Uh oh. It looks like the poor chocolate bunny was too tempting to skip!
It’s fairly safe to say that most people’s weakness when it comes to getting and maintaining a lean physique is food. Many people are willing to put in the time at the gym, but they feel weak when it comes to food.
The old cliché, “You can’t out-train a bad diet”, is absolutely right.
Exercise burns relatively low amounts of calories when you’re doing it, although weight training and HIIT increase the rate of excess-post-exercise oxygen consumption (EPOC) and have more significant fat loss implications.
Still, the muscle building and hormonal implications of weight training are more important with than the calorie burn.
Especially since it takes nearly an hour of walking for most people to burn off a single donut!
So keeping your nutrition plan on track is essential if you want to get lean, and stay lean.
And most of the time you’re ok, right?
You plan your meals, make sure you get in your protein, and find ways of adding more filling vegetables to your meals.
And then a special occasion comes along, let’s say Easter, and all of a sudden there are all sorts of foods hanging around that you really LOVE and really want to stuff in your face immediately.
I feel your pain.
Tomorrow I’m heading to my mom’s to celebrate Easter with the family and there will definitely be chocolate.
I LOVE CHOCOLATE.
My mom also said she was baking her famous raspberry cheesecake.
I LOVE CHEESECAKE.
And my husband requested that she make extra servings of stuffing.
STUFFING IS YUMMY.
Given that I’m 3 weeks out from competing at the Natural Nationals for the CBBF (Canadian Bodybuilding Federation), I’m just going to steel myself, be very disciplined, and sit around drooling while everybody eats, right?
I realize that what I do isn’t common for most physique competitors, many of whom will indeed be packing their chicken breasts and broccoli for Easter festivities.
So what’s my plan for tomorrow?
I’ll have a very lean breakfast of mostly protein (maybe some eggs/egg whites or some wild haddock), some vegetables, and maybe a little bit of fruit.
This leaves more room for the extra carbs and fat from the chocolate (I’ll have about 100g or so), stuffing (about a cup), and cheesecake (1 slice).
In the days when I used to deprive myself of certain foods that I love, I would end up eating all the chocolate I could find in my mom’s house and nearly always had 2 or 3 very large slices of cheesecake.
Now I stay lean and enjoy the foods I love.
It’s a revelation.
Because your nutrition plan should be about balance.

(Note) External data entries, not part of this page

Set Implicit Arguments. Unset Strict Implicit. Unset Printing Implicit Defensive.

(* Augmenting a maximum family P of edge-disjoint s-t paths along the residual
   graph of its edge set is impossible, so the edges of P leaving the set R of
   residually reachable vertices form an s-t cut with at most |P| edges (each
   path of P leaves R once and never re-enters it).  Hence every minimum cut
   lies in the union of P and meets each path of P in exactly one edge.

   Fix a path p of P and let a_i, b_i be the positions on p of the i-th cuts
   of C1 and C2; they are nondecreasing in i because of the left-right order,
   and the i-th cuts of the join and of the meet sit at max(a_i, b_i) and
   min(a_i, b_i).  The edges of E(C) on p are counted by the number of
   distinct values of the position sequence, i.e. one plus its number of
   increases, and for two nondecreasing sequences every step satisfies
   [a <> a'] + [b <> b'] <= [max <> max'] + [min <> min'].  Summing over
   the paths of P, which cover E(C1) and E(C2), gives the inequality. *)

Lemma count_mem_card (T : finType) (A : {set T}) (l : seq T) : uniq l ->
  count (mem A) l = #|A :&: [set x in l]|.
Proof.
move=> l_uniq; rewrite -size_filter -(card_uniqP (filter_uniq _ l_uniq)).
by apply: eq_card => x; rewrite mem_filter !inE andbC.
Qed.

Lemma sum_gt0_le_size_eq1 (T : eqType) (r : seq T) (f : T -> nat) :
  {in r, forall x, 0 < f x} -> \sum_(x <- r) f x <= size r -> {in r, forall x, f x = 1}.
Proof.
move=> f_gt0; have -> : \sum_(x <- r) f x = \sum_(x <- r) (f x - 1) + size r.
  rewrite -sum1_size -big_split big_seq [RHS]big_seq; apply: eq_bigr => x xr /=.
  by rewrite subnK ?f_gt0.
rewrite -[X in _ <= X]add0n leq_add2r leqn0 sum_nat_seq_eq0 => /allP f_le1 x xr.
by have := f_le1 x xr; have := f_gt0 x xr; rewrite /= subn_eq0; lia.
Qed.

Lemma count_mem_le_card (T : finType) (A : {set T}) (l : seq T) : uniq l ->
  count (mem A) l <= #|A|.
Proof. by move=> l_uniq; rewrite count_mem_card // subset_leq_card // subsetIl. Qed.

Lemma card_eq_count_mem (T : finType) (A : {set T}) (l : seq T) : uniq l ->
  {subset A <= l} -> #|A| = count (mem A) l.
Proof.
move=> l_uniq Al; rewrite count_mem_card // (setIidPl _) //.
by apply/subsetP => x /Al; rewrite inE.
Qed.

Lemma size_undup_sorted_cons (x y : nat) (r : seq nat) : sorted leq [:: x, y & r] ->
  size (undup [:: x, y & r]) = (x != y) + size (undup (y :: r)).
Proof.
move=> /= /andP[le_xy path_yr].
have -> : (x \in y :: r) = (x == y).
  rewrite inE; case: eqP => //= x_neq_y; apply/negP => xr.
  have := allP (order_path_min leq_trans path_yr) x xr; lia.
by case: eqP.
Qed.

Lemma sorted_leq_map2 (I : Type) (op : nat -> nat -> nat) (f g : I -> nat) (r : seq I) :
  (forall a b c d, a <= b -> c <= d -> op a c <= op b d) ->
  sorted leq (map f r) -> sorted leq (map g r) ->
  sorted leq (map (fun i => op (f i) (g i)) r).
Proof.
move=> op_mono; elim: r => // i [|j r] IHr //= /andP[le_f sf] /andP[le_g sg].
by rewrite op_mono //; apply: IHr.
Qed.

Lemma neq_maxn_minn (a b c d : nat) : a <= b -> c <= d ->
  (a != b) + (c != d) <= (maxn a c != maxn b d) + (minn a c != minn b d).
Proof. by move=> *; do 4!case: eqP => /=; lia. Qed.

Lemma size_undup_maxn_minn (I : Type) (f g : I -> nat) (r : seq I) :
  sorted leq (map f r) -> sorted leq (map g r) ->
  size (undup (map f r)) + size (undup (map g r)) <=
  size (undup (map (fun i => maxn (f i) (g i)) r)) +
  size (undup (map (fun i => minn (f i) (g i)) r)).
Proof.
have max_mono a b c d : a <= b -> c <= d -> maxn a c <= maxn b d by lia.
have min_mono a b c d : a <= b -> c <= d -> minn a c <= minn b d by lia.
case: r => // i r; elim: r i => // j r IHr i sf sg.
have smax := sorted_leq_map2 max_mono sf sg.
have smin := sorted_leq_map2 min_mono sf sg.
rewrite !map_cons !size_undup_sorted_cons //.
move: sf sg => /andP[le_f sf] /andP[le_g sg].
have := IHr j sf sg; rewrite !map_cons.
by have := neq_maxn_minn le_f le_g; lia.
Qed.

The right amount of protein, vegetables, healthy fats, and carbs for your activity level and your goals need to be there.
There’s room in your nutrition plan for all foods (except perhaps those that you have an allergy or intolerance to).
I’m not fond of the term moderation, mainly because too many people whose diets are terrible constantly use it whenever someone questions their food choices (No, it’s not moderation, your whole diet sucks!).
Design a nutrition plan that includes treat foods that you love, which may mean sacrifice in other areas.
The quantity of treat foods matters.
Four tiny chocolate Easter eggs are pretty easy to fit into your nutrition plan.
A dozen Easter eggs, a chocolate bunny, and two slices of cheesecake?
So, for this long weekend, devise your plan of attack.
Be realistic, but don’t leave it all to chance.
And no matter what happens, don’t feel guilty.
Plan ahead and make the necessary adjustments.
Because life’s to short not to have a chocolate egg or two once a year.